First, we have to assume that you actually have an IDE port on the mobo to connect to. You will need a power supply connection (a 4-pin Molex) from the PSU, and a wide ribbon cable for data. The ribbon cable should have three connectors on it - one blue one at one end, one black one at the other end, and a grey one in the middle. Each connector will have two rows of 20 holes each, and one of those holes will be blocked off. That way you can only plug it into a socket one way. The cable should have 80 wires in it, even though that's a 40-contact connector on the ends. To check, start counting wires across. When you get to 20, you should be only ¼ of the way across the ribbon.
Since this is the only device on the IDE port, it MUST be set to be the port's Master. To do this, look at the diagrams on the HDD itself, and set the jumper on the sets of pin pairs on the back edge as it says.

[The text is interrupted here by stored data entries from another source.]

(* Let $G^\sigma$ be a connected oriented unicyclic graph of order $n$ with girth $k$, where $n>k$. Then $sr(G^\sigma)\geq k$ if $k$ is even and $sr(G^\sigma)\geq k+1$ if $k$ is odd. This bound is sharp (it is attained, e.g., by every orientation of the graph obtained from $C_k$ by attaching $n-k$ pendant edges at one vertex of $C_k$).
   Context: An oriented graph $G^\sigma$ is a simple graph $G$ together with an orientation of each edge. Its skew-adjacency matrix $S(G^\sigma)=(s_{ij})$ has $s_{ij}=1$ if there is an arc from $v_i$ to $v_j$, $s_{ij}=-1$ if there is an arc from $v_j$ to $v_i$, and $0$ otherwise; the skew-rank $sr(G^\sigma)$ is the rank of $S(G^\sigma)$. A unicyclic graph is a connected graph with exactly one cycle; its girth is the length of that cycle. *)

From mathcomp Require Import all_boot all_order all_algebra.
Set Implicit Arguments. Unset Strict Implicit. Unset Printing Implicit Defensive.
Import GRing.Theory Num.Theory.

Definition oriented (n : nat) (arc : rel 'I_n) : Prop :=
  irreflexive arc /\ (forall i j, arc i j -> ~~ arc j i).

Definition underlying (n : nat) (arc : rel 'I_n) : rel 'I_n :=
  fun i j => arc i j || arc j i.

Definition skew_adj (n : nat) (arc : rel 'I_n) : 'M[rat]_n :=
  \matrix_(i, j) (if arc i j then 1 else if arc j i then -1 else 0)%R.

Definition skew_rank (n : nat) (arc : rel 'I_n) : nat := \rank (skew_adj arc).

Definition is_cycle (n : nat) (adj : rel 'I_n) (s : seq 'I_n) : Prop :=
  [/\ 3 <= size s, uniq s & cycle adj s].

Definition cycle_edges (n : nat) (s : seq 'I_n) : {set {set 'I_n}} :=
  [set [set p.1; p.2] | p in zip s (rot 1 s)].

Definition connected (n : nat) (adj : rel 'I_n) : Prop :=
  forall x y, connect adj x y.

Definition unicyclic (n : nat) (adj : rel 'I_n) : Prop :=
  connected adj /\
  exists s, is_cycle adj s /\
    forall t, is_cycle adj t -> cycle_edges t = cycle_edges s.

(* Girth k: there is a cycle of length k (for a unicyclic graph, the cycle). *)
Definition has_girth (n : nat) (adj : rel 'I_n) (k : nat) : Prop :=
  exists s, is_cycle adj s /\ size s = k.

(* The graph obtained from C_k (on vertices 0..k-1) by attaching the n-k
   pendant vertices k..n-1 at vertex 0 of C_k. *)
Definition cycle_with_pendants (n k : nat) : rel 'I_n :=
  fun i j =>
    [|| [&& val i < k, val j < k &
           (val j == (val i).+1 %% k) || (val i == (val j).+1 %% k)],
        (val i == 0) && (k <= val j)
      | (val j == 0) && (k <= val i)].
Arguments cycle_with_pendants : clear implicits.

From mathcomp Require Import all_boot all_order all_algebra zify.
Set Implicit Arguments. Unset Strict Implicit. Unset Printing Implicit Defensive.
Import GRing.Theory Num.Theory.

(* A unicyclic graph other than its cycle C_k has a vertex v off the cycle
   adjacent to a cycle vertex.  Since the cycle is the only one, C_k has no
   chord and v has no second neighbour on it, so v followed by the k cycle
   vertices is an induced path plus the single closing edge between its second
   and last vertices.  The first k (k even) or all k+1 (k odd) of these
   vertices index a triangular submatrix of S with nonzero diagonal, which
   gives the lower bound.  For C_k with pendants at vertex 0, the even cycle
   vertices form a vertex cover of size uphalf k, and the rows and columns they
   index carry every nonzero entry of S, which gives the matching upper
   bound. *)

Section RankBounds.
Variable F : fieldType.
Local Open Scope ring_scope.

Lemma mxrank_ge_triangular n m (A : 'M[F]_n) (r c : 'I_m -> 'I_n) :
  (forall i j : 'I_m, (i < j)%N -> A (r i) (c j) = 0) ->
  (forall i, A (r i) (c i) != 0) -> (m <= \rank A)%N.
Proof.
move=> upper diag; set B := \matrix_(i, j) A (r i) (c j).
have rankB : \rank B = m.
  apply: mxrank_unit; rewrite unitmxE det_trig; last first.
    by apply/is_trig_mxP => i j lt_ij; rewrite mxE upper.
  by rewrite unitfE; apply/prodf_neq0 => i _; rewrite mxE.
rewrite -rankB (_ : B = (rowsub c (rowsub r A)^T)^T); last first.
  by apply/matrixP => i j; rewrite !mxE.
rewrite mxrank_tr (leq_trans (mxrankS (rowsub_sub _ _))) //.
by rewrite mxrank_tr mxrankS ?rowsub_sub.
Qed.

Lemma mxrank_le_row_support n q p (A : 'M[F]_(n, q)) (e : 'I_p -> 'I_n) :
  (forall i j, A i j != 0 -> i \in codom e) -> (\rank A <= p)%N.
Proof.
move=> supp; suff /mxrankS/leq_trans : (A <= rowsub e A)%MS by apply; exact: rank_leq_row.
apply/row_subP => i; case: (boolP [exists j, A i j != 0]).
  case/existsP => j /supp /codomP [t ->].
  by rewrite -row_rowsub row_sub.
move/existsPn => zero; rewrite (_ : row i A = 0) ?sub0mx //.
by apply/rowP => j; rewrite !mxE; apply/eqP; rewrite -[_ == _]negbK zero.
Qed.

Lemma mxrank_le_cover n (A : 'M[F]_n) p q (er : 'I_p -> 'I_n) (ec : 'I_q -> 'I_n) :
  (forall i j, A i j != 0 -> (i \in codom er) || (j \in codom ec)) ->
  (\rank A <= p + q)%N.
Proof.
move=> cover; pose Ar := \matrix_(i, j) if i \in codom er then A i j else 0.
rewrite -(subrK Ar A); apply: leq_trans (mxrank_add _ _) _.
rewrite [(p + q)%N]addnC leq_add //.
  rewrite -mxrank_tr; apply: (mxrank_le_row_support (e := ec)) => j i; rewrite !mxE.
  case: ifP => [_|not_er]; first by rewrite subrr eqxx.
  by rewrite subr0 => /cover; rewrite not_er.
by apply: (mxrank_le_row_support (e := er)) => i j; rewrite mxE; case: ifP; rewrite ?eqxx.
Qed.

Do NOT use a diagram from another unit- there is no universal standard for this. If your unit has different settings for Master with No Slave, and Master with Slave Present, set accordingly.
Mount the HDD physically in your case. Connect power. Take the wide ribbon cable and connect the BLUE end to the mobo port. Then connect the BLACK one on the END to the HDD's data port. The Grey middle connector will be unused. Close up the case and boot directly into BIOS Setup.
Check on one of the first pages for an IDE device. Make sure the IDE port is Enabled, as others have said. Your BIOS should find a Master device present on the Primary IDE port, and its size should be about 60 GB, as you say, so check that to be sure the unit was detected correctly. If it is not, check near the end of your BIOS's menu system for a way to force detection of an IDE drive - that process might be better than the automatic one. If your machine cannot recognize the HDD with it set up this way, there's a good chance the old drive is dead.
By the way, IF your mobo has two IDE ports and you happen to have connected the ribbon cable to the Secondary port and it is working, that's quite all right. It really does not matter which IDE port you use. In either case, the only storage device on an IDE port MUST be set to be Master.
If your BIOS can detect the old drive properly you're good to go. One note: IF you had to change any BIOS Setting (like Enabling the IDE port), make sure to SAVE and EXIT so your setting are permanent. If the drive was detected, it may show up in Windows' My Computer if it contains data. If it is empty with no Partition, you may ave to use Disk Management to Initialize the old unit before use.
Let us now how it goes.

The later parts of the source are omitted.